Sur cette page, la forêt d'érables si belle il y a un mois. Elle est morte maintenant, depuis deux semaines. J'avais tardé de venir l'arroser. M'attendre trois jours, c'était trop pour elle. Je pourrai la ressusciter si je la dorlote beaucoup mais je ne le fais pas. Un de moins à m'en occuper! Me dire cela, témoigne de la limite maximale de ma capacité de veille sur le «troupeau». Deux de moins, plus deux que j'ai cédé à une copine. Il me reste soixante-dix, des presque précieux à des banals. Déjà je suppute sur le sort de certains que je braderai à la première occasion. Par ailleurs, j'avais essayé de faire germé quatre noyaux d'avocat et réussi un seul. Le petit plant est en pot, sera-t-il bonsaï un jour? Ce sera bien le seul à ma connaissance. La diversité de ma collection m'intéresse plus qu'une spécialisation.

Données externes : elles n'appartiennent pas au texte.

(* Let $T$ be a $\delta$-Jordan Lie supertriple system and $N:T\to T$ a Nijenhuis operator for $T$. Define $$\psi(x_1,x_2,x_3)=(-1)^{|x_1|(|x_2|+|x_3|)}\theta(x_2,x_3)Nx_1-\delta(-1)^{|x_2||x_3|}\theta(x_1,x_3)Nx_2+\delta D(x_1,x_2)Nx_3-N[x_1,x_2,x_3].$$ Then $[x_1,x_2,x_3]_\lambda=[x_1,x_2,x_3]+\lambda\psi(x_1,x_2,x_3)$ ($\lambda$ a formal variable) defines a deformation of $T$, i.e. $T$ with $[\cdot,\cdot,\cdot]_\lambda$ is a $\delta$-Jordan Lie supertriple system, and this deformation is trivial.
   Context: A $\delta$-Jordan Lie supertriple system ($\delta\in\{1,-1\}$) is a $\mathbb{Z}_2$-graded vector space $T$ with a trilinear product $[\cdot,\cdot,\cdot]$ such that, for all homogeneous $a,b,c,d,e$ (with $|a|$ the degree of $a$): $|[a,b,c]|=|a|+|b|+|c|$; $[b,a,c]=-\delta(-1)^{|a||b|}[a,b,c]$; $(-1)^{|a||c|}[a,b,c]+(-1)^{|b||a|}[b,c,a]+(-1)^{|c||b|}[c,a,b]=0$; and $[a,b,[c,d,e]]=[[a,b,c],d,e]+(-1)^{|c|(|a|+|b|)}[c,[a,b,d],e]+\delta(-1)^{(|a|+|b|)(|c|+|d|)}[c,d,[a,b,e]]$. Here $\theta(a,b)(x)=(-1)^{|x|(|a|+|b|)}[x,a,b]$ and $D(a,b)(x)=\delta[a,b,x]$ (the adjoint representation). A linear operator $N:T\to T$ is a Nijenhuis operator if for all $x_1,x_2,x_3\in T$: $[Nx_1,Nx_2,Nx_3]=0$ and $N^2[x_1,x_2,x_3]=N[Nx_1,x_2,x_3]+N[x_1,Nx_2,x_3]+N[x_1,x_2,Nx_3]-[Nx_1,Nx_2,x_3]-[x_1,Nx_2,Nx_3]-[Nx_1,x_2,Nx_3]$. A deformation $[\cdot,\cdot,\cdot]_\lambda$ is trivial if there is a linear map $N':T\to T$ such that for all $\lambda$, $\varphi_\lambda=id+\lambda N'$ satisfies $\varphi_\lambda[x_1,x_2,x_3]_\lambda=[\varphi_\lambda x_1,\varphi_\lambda x_2,\varphi_\lambda x_3]$ for all $x_1,x_2,x_3\in T$. *)

From HB Require Import structures.
From mathcomp Require Import all_boot all_order all_algebra.
Set Implicit Arguments. Unset Strict Implicit. Unset Printing Implicit Defensive.
Import Order.TTheory GRing.Theory Num.Theory.
Local Open Scope ring_scope.

(* A Z_2-graded vector space T = T_0 (+) T_1 over a field K is modelled as the
   product V0 * V1 of two K-vector spaces. Degrees are booleans (false = 0,
   true = 1), addition of degrees is xor (+). *)

Section SuperTriple.
Variables (K : fieldType) (V0 V1 : lmodType K).
Local Notation T := (V0 * V1)%type.

Definition homog (d : bool) (x : T) : Prop :=
  if d then x.1 = 0 else x.2 = 0.

Definition proj (d : bool) (x : T) : T :=
  if d then (0, x.2) else (x.1, 0).

Definition sgn (b : bool) : K := if b then -1 else 1.

Definition trilinear (br : T -> T -> T -> T) : Prop :=
  [/\ forall (a : K) x x' y z, br (a *: x + x') y z = a *: br x y z + br x' y z,
      forall (a : K) x y y' z, br x (a *: y + y') z = a *: br x y z + br x y' z &
      forall (a : K) x y z z', br x y (a *: z + z') = a *: br x y z + br x y z'].

Definition JLSTS (delta : K) (br : T -> T -> T -> T) : Prop :=
  [/\ trilinear br,
      (forall a b c da db dc, homog da a -> homog db b -> homog dc c ->
         homog (da (+) db (+) dc) (br a b c)),
      (forall a b c da db, homog da a -> homog db b ->
         br b a c = (- delta * sgn (da && db)) *: br a b c),
      (forall a b c da db dc, homog da a -> homog db b -> homog dc c ->
         sgn (da && dc) *: br a b c + sgn (db && da) *: br b c a
         + sgn (dc && db) *: br c a b = 0) &
      (forall a b c d e da db dc dd, homog da a -> homog db b -> homog dc c ->
         homog dd d ->
         br a b (br c d e) = br (br a b c) d e
           + sgn (dc && (da (+) db)) *: br c (br a b d) e
           + (delta * sgn ((da (+) db) && (dc (+) dd))) *: br c d (br a b e))].

(* theta(a,b)(x) = (-1)^{|x|(|a|+|b|)} [x,a,b], where dx, da, db are the degrees *)
Definition theta (br : T -> T -> T -> T) (dx da db : bool) (a b x : T) : T :=
  sgn (dx && (da (+) db)) *: br x a b.

Definition Dop (delta : K) (br : T -> T -> T -> T) (a b x : T) : T :=
  delta *: br a b x.

Definition even_op (N : T -> T) : Prop :=
  forall d x, homog d x -> homog d (N x).

Definition Nijenhuis (br : T -> T -> T -> T) (N : T -> T) : Prop :=
  forall x1 x2 x3,
    br (N x1) (N x2) (N x3) = 0 /\
    N (N (br x1 x2 x3)) =
      N (br (N x1) x2 x3) + N (br x1 (N x2) x3) + N (br x1 x2 (N x3))
      - br (N x1) (N x2) x3 - br x1 (N x2) (N x3) - br (N x1) x2 (N x3).

(* psi on homogeneous x1, x2, x3 of degrees d1, d2, d3 (N even, so |N xi| = di) *)
Definition psi_h (delta : K) (br : T -> T -> T -> T) (N : T -> T)
    (d1 d2 d3 : bool) (x1 x2 x3 : T) : T :=
  sgn (d1 && (d2 (+) d3)) *: theta br d1 d2 d3 x2 x3 (N x1)
  - (delta * sgn (d2 && d3)) *: theta br d2 d1 d3 x1 x3 (N x2)
  + delta *: Dop delta br x1 x2 (N x3)
  - N (br x1 x2 x3).

(* psi extended trilinearly to all of T *)
Definition psi (delta : K) (br : T -> T -> T -> T) (N : T -> T) (x1 x2 x3 : T) : T :=
  \sum_(d1 : bool) \sum_(d2 : bool) \sum_(d3 : bool)
     psi_h delta br N d1 d2 d3 (proj d1 x1) (proj d2 x2) (proj d3 x3).

Definition def_br (delta : K) (br : T -> T -> T -> T) (N : T -> T) (lambda : K)
    (x1 x2 x3 : T) : T :=
  br x1 x2 x3 + lambda *: psi delta br N x1 x2 x3.

Definition trivial_deformation (br : T -> T -> T -> T) (br_l : K -> T -> T -> T -> T)
    : Prop :=
  exists N' : {linear T -> T}, forall (lambda : K) x1 x2 x3,
    let phi := fun x => x + lambda *: N' x in
    phi (br_l lambda x1 x2 x3) = br (phi x1) (phi x2) (phi x3).

End SuperTriple.

(* On homogeneous arguments the sign factors of psi cancel (delta^2 = 1 and super
   skew-symmetry), so psi is the bracket [x,y,z]_N = [Nx,y,z] + [x,Ny,z] + [x,y,Nz] - N[x,y,z].
   Since N is even, [.,.,.]_N inherits trilinearity, grading, skew-symmetry and the cyclic
   identity. The defect of the fundamental identity for [.,.,.] + lambda [.,.,.]_N is
   quadratic in lambda: its lambda-coefficient is the sum of the defects of [.,.,.] with N
   applied to one argument, minus N of the defect; by the Nijenhuis condition, in the form
   N[x,y,z]_N = [Nx,Ny,z] + [Nx,y,Nz] + [x,Ny,Nz], its lambda^2-coefficient is the sum of the
   defects with N applied to two arguments, minus N of the lambda-coefficient. So all of them
   vanish. The same form of the Nijenhuis condition, with [Nx,Ny,Nz] = 0, shows that
   id + lambda N maps [.,.,.]_lambda to [.,.,.]. *)

From HB Require Import structures.
From mathcomp Require Import all_boot all_order all_algebra.
From mathcomp Require Import ring.
Import GRing.Theory.

Set Implicit Arguments.
Unset Strict Implicit.
Unset Printing Implicit Defensive.

Local Open Scope ring_scope.

Inductive zexpr : Type :=
  | ZAtom of nat
  | ZZero
  | ZOpp of zexpr
  | ZAdd of zexpr & zexpr.

Section ZmodReflection.
Variables (V : zmodType) (env : seq V).

Fixpoint zeval (e : zexpr) : V :=
  match e with
  | ZAtom i => nth 0 env i
  | ZZero => 0
  | ZOpp e1 => - zeval e1
  | ZAdd e1 e2 => zeval e1 + zeval e2
  end.
Lemma measurable_preimage_borel U : borel_set U -> measurable (F @^-1` U).
Proof.
move=> BU; apply: (BU [set V | measurable (F @^-1` V)]); split; [split|].
- by rewrite /= preimage_set0.
- by move=> V mV /=; rewrite setTD -preimage_setC; exact: measurableC.
- by move=> V mV /=; rewrite preimage_bigcup; exact: bigcupT_measurable.
- exact: measurable_preimage_open.
Qed.

End coordinatewise_measurable.

(* [edist] alone would refer to the extended distance of mathcomp-analysis. *)
Section euclidean_distance.
Context (R : realType).

Lemma sqrt_sum_sqr_le_sum_norm (I : Type) (s : seq I) (a : I -> R) :
  Num.sqrt (\sum_(i <- s) a i ^+ 2) <= \sum_(i <- s) `|a i|.
Proof.
have sum_ge0 : 0 <= \sum_(i <- s) `|a i| by apply: sumr_ge0.
rewrite -(ger0_norm sum_ge0) -sqrtr_sqr; apply: ler_wsqrtr.
elim: s {sum_ge0} => [|x s ih]; first by rewrite !big_nil expr0n.
rewrite !big_cons sqrrD -(real_normK (num_real (a x))) -addrA lerD2l.
by apply: ler_wpDl ih; rewrite mulrn_wge0 // mulr_ge0 // sumr_ge0.
Qed.

Lemma edistC n (x y : 'rV[R]_n) : Defs.edist x y = Defs.edist y x.
Proof.
by rewrite /Defs.edist; congr Num.sqrt; apply: eq_bigr => i _; rewrite -sqrrN opprB.
Qed.

Lemma edist_continuous n (x : 'rV[R]_n) : continuous (Defs.edist x).
Proof.
move=> y; apply: (@continuous_comp _ _ _ _ Num.sqrt); last exact: sqrt_continuous.
apply: (continuous_big add_continuous) => i _ z.
apply: (@continuous_comp _ _ _ (fun z : 'rV_n => x ord0 i - z ord0 i) (fun r => r ^+ 2)).
  by apply: continuousB; [exact: cst_continuous | exact: coord_continuous].
exact: exprn_continuous.
Qed.

Lemma open_nbhd_eps n (U : set 'rV[R]_n) e : open (nbhd_eps U e).
Proof.
have -> : nbhd_eps U e = \bigcup_(x in U) (Defs.edist x @^-1` `]-oo, e[).
  by apply/seteqP; split=> y /= [x Ux xy]; exists x => //=; rewrite in_itv.
apply: bigcup_open => x _; apply: open_comp; last exact: interval_open.
by move=> y _; exact: edist_continuous.
Qed.

Lemma borel_nbhd_eps n (U : set 'rV[R]_n) e : borel_set (nbhd_eps U e).
Proof. by apply: sub_sigma_algebra; exact: open_nbhd_eps. Qed.

End euclidean_distance.

Lemma markov_nonneg d (T : measurableType d) (R : realType)
    (mu : {measure set T -> \bar R}) (D : T -> R) (e : R) : measurable_fun setT D ->
  (forall t, 0 <= D t) -> 0 < e ->
  (e%:E * mu [set t | (e <= D t)%R] <= \int[mu]_t (D t)%:E)%E.
Proof.
move=> mD D0 e0.
have := @le_integral_comp_abse _ _ _ mu setT measurableT (EFin \o D) e id
  (@measurable_id _ _ setT) (fun _ r0 => r0) (fun _ _ _ _ => id)
  ((measurable_EFinP _ _).2 mD) e0.
congr (_ * mu _ <= _)%E; last by apply: eq_integral => t _; rewrite /= ger0_norm.
by apply/seteqP; split=> t /=; rewrite ger0_norm // lee_fin // => -[].
Qed.

Section levy_prokhorov_coupling.
Context d (T : measurableType d) (R : realType) (P : probability T R) (n : nat).
Variables (f g : T -> 'rV[R]_n) (D : T -> R).
Hypotheses (mf : forall j, measurable_fun setT (fun t => f t ord0 j))
  (mg : forall j, measurable_fun setT (fun t => g t ord0 j))
  (mD : measurable_fun setT D)
  (fgD : forall t, Defs.edist (f t) (g t) <= D t).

Bientôt, déconfinement oblige, je vais recommencer à rendre visite à ma mère. La distance, les travaux routiers, en plus des arrosages rendent la planification plus compliquée. Il faut donc composer semaine par semaine. Pas possible non plus d'aller chez le mentor toutes les semaines non plus, le pont est fermé. Vais-je prendre des détours? Peut-être mais pas à chaque semaine.
Après deux semaines sans que la pluie annoncée en météo ne vienne, enfin il a plu toute la nuit, disait ma voisine. Répit d'arrosage donc, ce matin. Mais il y aura les algues et l'engrais d'été à appliquer quand même. Et le Chamaecyparis à planter aussi.